Alki Point is traditionally credited as the point where the Denny Party founded Seattle prior to moving across Elliott Bay to what is now Downtown. A similar landing at Alki has been reenacted annually since 1950 as part of the week-long Seafair celebration of Seattle's marine and boating heritage. Seafair coincides with West Seattle festivities including Hi-Yu and the West Seattle Summer Fest street festival held each July. Along with its historical significance Alki is also home to the most popular beach in the Seattle area. Fittingly named Alki Beach, it features a long strip of sandy beach full of driftwood, seashells, and fire pits. Low tides offer West Seattleites an opportunity to explore marine life in tidepools. Alki also hosts a flat bike and running trail from which visitors can view the Seattle skyline, Puget Sound, and the Olympic mountains.

The Junction

The Junction is the name used for the commercial district that centers on the intersection of California Avenue S.W. and S.W. Alaska Street. It is sometimes called "West Seattle Junction" or "Alaska Junction" by local residents.

West Seattle also has two other intersections of note: the Admiral Junction in the northern part of the peninsula where California Avenue S.W. and S.W. Admiral Way meet, and the Morgan Street Junction at the southern end where Fauntleroy Way S.W., S.W. Morgan Street, and California Avenue S.W. intersect.

Other neighborhoods
The Westwood Village shopping center, between S.W. Trenton and S.W. Barton Streets in the south end of West Seattle, has undergone several makeovers and now provides a mall-like shopping experience, including a Target and a Marhsall's.
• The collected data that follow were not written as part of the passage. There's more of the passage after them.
(* For every $\ell>0$ let $\mathscr D_\ell=\{(r,v)\in(0,\infty)\times\mathbb R: v^2-\frac mr+\frac{\ell}{r^2}>0\}$. Define $(R(\cdot,\cdot,\ell),V(\cdot,\cdot,\ell)):\mathbb R\times(0,\infty)\to\mathscr D_\ell$ by $$R(\theta,a,\ell)=p\,H_\kappa\Big(\frac{|\theta|}{p}\Big)-p\kappa,\qquad V(\theta,a,\ell)=\operatorname{sgn}(\theta)\,a\sqrt{1+\frac{m}{a^2R(\theta,a,\ell)}-\frac{\ell}{a^2R(\theta,a,\ell)^2}},$$ with $p=p(a,\ell)$, $\kappa=\kappa(a,\ell)$. Then this map is a canonical (symplectic) diffeomorphism, with inverse $(\Theta,\mathcal A):\mathscr D_\ell\to\mathbb R\times(0,\infty)$, $$\mathcal A(r,v,\ell)=\sqrt{v^2-\frac mr+\frac{\ell}{r^2}},\qquad\Theta(r,v,\ell)=\operatorname{sgn}(v)\,p(a,\ell)\,G_{\kappa(a,\ell)}\Big(\frac{r}{p(a,\ell)}+\kappa(a,\ell)\Big)\Big|_{a=\mathcal A(r,v,\ell)}.$$ Moreover, the solutions of $\dot r=v$, $\dot v=\frac{\ell}{r^3}-\frac m2\frac1{r^2}$ with $v^2-\frac mr+\frac{\ell}{r^2}>0$ are exactly the curves $t\mapsto(R(\theta+ta,a,\ell),V(\theta+ta,a,\ell))$ with parameters $(\theta,a)\in\mathbb R\times(0,\infty)$.
   Context: Fix $m>0$. For $a,\ell>0$: $\kappa(a,\ell)=(1+4a^2\ell/m^2)^{-1/2}\in(0,1)$, $p(a,\ell)=\frac{m}{2a^2\kappa(a,\ell)}$. For $\kappa\in(0,1)$, $G_\kappa:[1,\infty)\to[0,\infty)$, $G_\kappa(x)=\sqrt{x^2-1}-\kappa\ln(x+\sqrt{x^2-1})$, and $H_\kappa=G_\kappa^{-1}:[0,\infty)\to[1,\infty)$. Canonical means that the map preserves the symplectic form, $dr\wedge dv=d\theta\wedge da$ (equivalently, Poisson brackets $\partial_rf\partial_vg-\partial_vf\partial_rg$ correspond to $\partial_\theta f\partial_ag-\partial_af\partial_\theta g$). *)

From Stdlib Require Import Reals ClassicalEpsilon.
From Coquelicot Require Import Coquelicot.
Open Scope R_scope.

Definition sgn (x : R) : R :=
  match Rcase_abs x with
  | left _ => -1
  | right _ => if Req_EM_T x 0 then 0 else 1
  end.

Definition kappa (m a l : R) : R := / sqrt (1 + 4 * a ^ 2 * l / m ^ 2).

Definition pp (m a l : R) : R := m / (2 * a ^ 2 * kappa m a l).

Definition G (k x : R) : R := sqrt (x ^ 2 - 1) - k * ln (x + sqrt (x ^ 2 - 1)).

(* H_k = G_k^{-1} : [0,oo) -> [1,oo): the x >= 1 with G_k x = y
   (chosen by Hilbert's epsilon; it exists and is unique for 0<k<1, y>=0). *)
Definition H (k y : R) : R :=
  epsilon (inhabits 1) (fun x => 1 <= x /\ G k x = y).

Definition Dl (m l r v : R) : Prop := 0 < r /\ v ^ 2 - m / r + l / r ^ 2 > 0.

Definition Rf (m l th a : R) : R :=
  pp m a l * H (kappa m a l) (Rabs th / pp m a l) - pp m a l * kappa m a l.

Definition Vf (m l th a : R) : R :=
  sgn th * a *
  sqrt (1 + m / (a ^ 2 * Rf m l th a) - l / (a ^ 2 * (Rf m l th a) ^ 2)).

Definition Af (m l r v : R) : R := sqrt (v ^ 2 - m / r + l / r ^ 2).

Definition Thf (m l r v : R) : R :=
  let a := Af m l r v in
  sgn v * pp m a l * G (kappa m a l) (r / pp m a l + kappa m a l).

Fixpoint Ck (n : nat) (U : R -> R -> Prop) (f : R -> R -> R) : Prop :=
  match n with
  | O => forall x y, U x y -> continuous (fun z : R * R => f (fst z) (snd z)) (x, y)
  | S k =>
      (forall x y, U x y -> ex_derive (fun t => f t y) x /\ ex_derive (fun s => f x s) y)
      /\ Ck k U (fun x y => Derive (fun t => f t y) x)
      /\ Ck k U (fun x y => Derive (fun s => f x s) y)
  end.

Definition smooth (U : R -> R -> Prop) (f : R -> R -> R) : Prop := forall n, Ck n U f.

Definition Hplane (th a : R) : Prop := 0 < a.

(* Write s for the hyperbolic eccentric anomaly, the solution of the Kepler equation
   sinh s - kappa s = theta / p; it is unique because the left-hand side has derivative
   cosh s - kappa >= 1 - kappa > 0.  In terms of s the map reads R = p (cosh s - kappa) and
   V = a sinh s / (cosh s - kappa); since m = 2 a^2 kappa p and l = a^2 p^2 (1 - kappa^2), the energy
   V^2 - m/R + l/R^2 is then a^2, the inverse H of G gives H_kappa (|sinh s - kappa s|) = cosh s,
   and the inverse map is read off from sinh s = V R / (a p).  Smoothness of s follows by
   induction on the order from the implicit derivative (dy + s dkappa) / (cosh s - kappa); in the
   Jacobian of (theta, a) |-> (R, V) the terms containing the a-derivative of s cancel.  Along a
   solution of the equations of motion the energy, hence a, is conserved and Theta grows at rate a,
   so the solution is the curve through the angle-action coordinates of any of its points. *)

From Stdlib Require Import Reals Lra Psatz ClassicalEpsilon FunctionalExtensionality.
From Coquelicot Require Import Coquelicot.
Open Scope R_scope.

(** * Smooth functions on open subsets of the plane *)

(* A class, so that the calculus lemmas below find the openness of their domain by instance
   resolution. *)

Class open_2d (U : R -> R -> Prop) : Prop :=
  locally_2d_of_open : forall x y, U x y -> locally_2d U x y.

Definition continuous_on_2d (U : R -> R -> Prop) (f : R -> R -> R) : Prop :=
  forall x y, U x y -> continuous (fun z : R * R => f (fst z) (snd z)) (x, y).

Definition partial_x (f : R -> R -> R) (x y : R) : R := Derive (fun t => f t y) x.
Definition partial_y (f : R -> R -> R) (x y : R) : R := Derive (fun t => f x t) y.

(* Unlike [Ck], every level also asks for continuity of the function itself,
   which is what makes the class closed under products. *)
Fixpoint Cn (n : nat) (U : R -> R -> Prop) (f : R -> R -> R) : Prop :=
  continuous_on_2d U f /\
  match n with
  | O => True
  | S k =>
      (forall x y, U x y -> ex_derive (fun t => f t y) x /\ ex_derive (fun t => f x t) y) /\
      Cn k U (partial_x f) /\ Cn k U (partial_y f)
  end.

Definition Cinf (U : R -> R -> Prop) (f : R -> R -> R) : Prop := forall n, Cn n U f.

Lemma Cn_Ck n U f : Cn n U f -> Ck n U f.
Proof.
revert U f; induction n as [|n IH]; intros U f [Hc Hn]; simpl.
- exact Hc.
- destruct Hn as [Hd [Hx Hy]]. split; [exact Hd | split; apply IH; assumption].
Qed.

Lemma Cinf_smooth U f : Cinf U f -> smooth U f.
Proof. intros H n. apply Cn_Ck, H. Qed.

Lemma Cn_S_Cn n U f : Cn (S n) U f -> Cn n U f.
Proof.
revert U f; induction n as [|n IH]; intros U f [Hc [Hd [Hx Hy]]].
- split; [exact Hc | exact I].
- split; [exact Hc|]. split; [exact Hd|]. split; apply IH; assumption.
Qed.

Lemma Cn_continuous n U f : Cn n U f -> continuous_on_2d U f.
Proof. destruct n; intros [H _]; exact H. Qed.

Definition open_1d (W : R -> Prop) : Prop := forall x, W x -> locally x W.

Fixpoint Cn1 (n : nat) (W : R -> Prop) (phi : R -> R) : Prop :=
  match n with
  | O => forall x, W x -> continuous phi x
  | S k => (forall x, W x -> ex_derive phi x) /\ Cn1 k W (Derive phi)
  end.

Lemma Cn1_continuous n W phi : Cn1 n W phi -> forall x, W x -> continuous phi x.
Proof.
destruct n as [|n]; simpl; intros H x Hx; [exact (H x Hx)|].
apply (ex_derive_continuous phi), H, Hx.
Qed.

Lemma Cn1_ext n W (phi psi : R -> R) :
  open_1d W -> (forall x, W x -> phi x = psi x) -> Cn1 n W phi -> Cn1 n W psi.
Proof.
revert phi psi; induction n as [|n IH]; simpl; intros phi psi HW E H.
- intros x Hx. apply (continuous_ext_loc _ phi); [|exact (H x Hx)].
  generalize (HW x Hx). apply filter_imp. exact E.
- destruct H as [Hd Hn]. split.
  + intros x Hx. apply (ex_derive_ext_loc phi); [|exact (Hd x Hx)].
    generalize (HW x Hx). apply filter_imp. exact E.
  + apply (IH (Derive phi)); [exact HW | | exact Hn]. intros x Hx. apply Derive_ext_loc.
    generalize (HW x Hx). apply filter_imp. exact E.
Qed.

Lemma open_1d_pos : open_1d (fun x => 0 < x).
Proof.
intros x Hx. exists (mkposreal x Hx). intros y Hy.
change (Rabs (y - x) < x) in Hy. apply Rabs_def2 in Hy. lra.
Qed.

Lemma Cn1_exp n W : Cn1 n W exp.
Proof.
assert (Dexp : Derive exp = exp).
{ apply functional_extensionality. intro x. apply is_derive_unique, is_derive_Reals, derivable_pt_lim_exp. }
induction n as [|n IH]; simpl.
- intros x _. apply (ex_derive_continuous exp). exists (exp x). apply is_derive_Reals, derivable_pt_lim_exp.
- split; [|rewrite Dexp; exact IH].
  intros x _. exists (exp x). apply is_derive_Reals, derivable_pt_lim_exp.
Qed.

Lemma Cn1_Rpower n c al : Cn1 n (fun x => 0 < x) (fun x => c * Rpower x al).
Proof.
assert (D : forall c al x, 0 < x ->
          is_derive (fun x => c * Rpower x al) x ((c * al) * Rpower x (al - 1))).
{ intros c' al' x Hx. apply is_derive_Reals. rewrite Rmult_assoc.
  apply derivable_pt_lim_scal, derivable_pt_lim_power, Hx. }
revert c al; induction n as [|n IH]; intros c al; simpl.
- intros x Hx. apply (ex_derive_continuous (fun x => c * Rpower x al)). eexists. exact (D c al x Hx).
- split; [intros x Hx; eexists; exact (D c al x Hx)|].
  apply (Cn1_ext n _ (fun x => (c * al) * Rpower x (al - 1))); [exact open_1d_pos | | apply IH].
  intros x Hx. symmetry. apply is_derive_unique, D, Hx.
Qed.

Lemma Cn1_inv n : Cn1 n (fun x => 0 < x) Rinv.
Proof.
apply (Cn1_ext n _ (fun x => 1 * Rpower x (- (1)))); [exact open_1d_pos | | apply Cn1_Rpower].
intros x Hx. rewrite Rpower_Ropp, Rpower_1 by exact Hx. ring.
Qed.

Lemma Cn1_sqrt n : Cn1 n (fun x => 0 < x) sqrt.
Proof.
apply (Cn1_ext n _ (fun x => 1 * Rpower x (/ 2))); [exact open_1d_pos | | apply Cn1_Rpower].
intros x Hx. rewrite Rpower_sqrt by exact Hx. ring.
Qed.

Lemma Cn1_ln n : Cn1 n (fun x => 0 < x) ln.
Proof.
destruct n as [|n]; simpl.
- intros x Hx. apply (ex_derive_continuous ln). exists (/ x). apply is_derive_ln, Hx.
- split; [intros x Hx; exists (/ x); apply is_derive_ln, Hx|].
  apply (Cn1_ext n _ Rinv); [exact open_1d_pos | | apply Cn1_inv].
  intros x Hx. symmetry. apply is_derive_unique, is_derive_ln, Hx.
Qed.

Section Calculus.

Context {U : R -> R -> Prop} {HU : open_2d U}.

Lemma locally_2d_eq (f g : R -> R -> R) x y : (forall x y, U x y -> f x y = g x y) -> U x y ->
  locally_2d (fun u v => f u v = g u v) x y.
Proof.
intros E Hxy. destruct (locally_2d_of_open x y Hxy) as [d Hd].
exists d. intros u v Hu Hv. apply E, Hd; assumption.
Qed.

Lemma continuous_on_2d_ext (f g : R -> R -> R) :
  (forall x y, U x y -> f x y = g x y) -> continuous_on_2d U f -> continuous_on_2d U g.
Proof.
intros E Hf x y Hxy.
apply (continuous_ext_loc _ (fun z : R * R => f (fst z) (snd z))); [|exact (Hf x y Hxy)].
apply (proj1 (locally_2d_locally (fun u v => f u v = g u v) x y)), locally_2d_eq; assumption.
Qed.
Lemma one_sub_ge_exp y X : (0 <= y <= X)%R -> (X < 1)%R -> (exp (- (y / (1 - X))) <= 1 - y)%R.
Proof.
  intros Hy HX. set (d := (y / (1 - X))%R).
  assert (Hd : (d * (1 - X) = y)%R) by (unfold d; field; lra).
  assert (0 <= d)%R by (unfold d; apply Rdiv_le_0_compat; lra).
  pose proof (exp_ineq1_le d). pose proof (exp_pos d).
  (* [(1 - y) (1 + d) = 1 + d (X - y) >= 1] *)
  assert (1 <= (1 - y) * exp d)%R by nra.
  rewrite exp_Ropp. apply (Rmult_le_reg_r (exp d)); [lra|]. rewrite Rinv_l; lra.
Qed.

Section Pochhammer_bounds.
Variables x Q : C.
Hypothesis HQ : (Cmod Q < 1)%R.

Let HQ0 : (0 <= Cmod Q)%R := Cmod_ge_0 Q.

Lemma qpoch_upper_bound n : (Cmod (qpoch x Q n) <= exp (Cmod x / (1 - Cmod Q)))%R.
Proof.
  assert (H : (Cmod (qpoch x Q n) <= exp (Cmod x * rsum (fun k => Cmod Q ^ k) n))%R).
  { induction n as [|n IH]; simpl; [rewrite Cmod_1, Rmult_0_r, exp_0; lra|].
    rewrite Cmod_mult, Rmult_plus_distr_l, exp_plus.
    apply Rmult_le_compat; auto using Cmod_ge_0.
    eapply Rle_trans; [apply Cmod_triangle|].
    rewrite Cmod_opp, Cmod_1, Cmod_mult, Cmod_pow.
    eapply Rle_trans; [|apply exp_ineq1_le]. lra. }
  eapply Rle_trans; [apply H|]. apply exp_le.
  pose proof (rsum_geom_le (Cmod Q) n ltac:(lra)). unfold Rdiv.
  apply Rmult_le_compat_l; auto using Cmod_ge_0.
Qed.

Hypothesis Hx : (Cmod x < 1)%R.

Lemma qpoch_lower_bound n :
  (exp (- (Cmod x / (1 - Cmod x) / (1 - Cmod Q))) <= Cmod (qpoch x Q n))%R.
Proof.
  set (d := (Cmod x / (1 - Cmod x))%R).
  assert (Hd : (0 <= d)%R) by (apply Rdiv_le_0_compat; [apply Cmod_ge_0|lra]).
  assert (H : (exp (- (d * rsum (fun k => Cmod Q ^ k) n)) <= Cmod (qpoch x Q n))%R).
  { induction n as [|n IH]; simpl; [rewrite Cmod_1, Rmult_0_r, Ropp_0, exp_0; lra|].
    rewrite Cmod_mult, Rmult_plus_distr_l, Ropp_plus_distr, exp_plus.
    apply Rmult_le_compat; try (left; apply exp_pos); auto.
    assert (Hy : (0 <= Cmod x * Cmod Q ^ n <= Cmod x)%R).
    { pose proof (Cmod_ge_0 x). pose proof (pow_le (Cmod Q) n HQ0).
      pose proof (Cmod_pow_le1 Q n ltac:(lra)). rewrite Cmod_pow in *. nra. }
    eapply Rle_trans; [|apply Cmod_one_sub_ge]. rewrite Cmod_mult, Cmod_pow.
    eapply Rle_trans; [|apply (one_sub_ge_exp _ (Cmod x)); lra].
    apply exp_le. unfold d, Rdiv. nra. }
  eapply Rle_trans; [|apply H]. apply exp_le, Ropp_le_contravar.
  pose proof (rsum_geom_le (Cmod Q) n ltac:(lra)). unfold Rdiv.
  apply Rmult_le_compat_l; auto.
Qed.

End Pochhammer_bounds.

Lemma qpoch_cv x Q : (Cmod Q < 1)%R -> exists P, cv (qpoch x Q) P.
Proof.
  intros HQ. set (B := exp (Cmod x / (1 - Cmod Q))).
  set (d := fun n => qpoch x Q (S n) - qpoch x Q n).
  assert (Hd : forall n, (Cmod (d n) <= (B * Cmod x) * Cmod Q ^ n)%R).
  { intros n. unfold d. rewrite qpoch_S.
    replace (qpoch x Q n * (1 - x * Q ^ n) - qpoch x Q n) with (- (qpoch x Q n * (x * Q ^ n)))
      by ring.
    rewrite Cmod_opp, !Cmod_mult, Cmod_pow, Rmult_assoc.
    apply Rmult_le_compat_r; [apply Rmult_le_pos; [apply Cmod_ge_0|apply pow_le, Cmod_ge_0]|].
    apply qpoch_upper_bound; auto. }
  destruct (ex_seriesC_le d _ Hd) as [D HD].
  { eexists. apply geom_series. split; [apply Cmod_ge_0|auto]. }
  exists (1 + D). apply is_seriesC_cv in HD.
  apply (filterlim_ext (fun n => 1 + csum d n)); [|apply cv_plus; auto using cv_const].
  intros n. induction n as [|n IH]; [simpl; ring|]. rewrite csum_last, Cplus_assoc, IH.
  unfold d. ring.
Qed.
However, it is unlikely that a movie theater will be allowed here because of restricted parking.

Before the annexation of West Seattle, the neighborhood of White Center radiated north and south of Roxbury, but now with the city line going down the middle of the old neighborhood is it unclear whether the northern part of the area should still be referred to as part of the White Center neighborhood.

West Seattle also includes suburban neighborhoods in the southwest end, including Gatewood, Fauntleroy, Arbor Heights and Arroyo Heights in the southernmost section of West Seattle.

Transportation

The high-level West Seattle Bridge and the low-level Spokane Street Bridge connect northern West Seattle to Downtown Seattle and SODO. The high-level bridge was closed from 2020 to 2022 for extensive repairs.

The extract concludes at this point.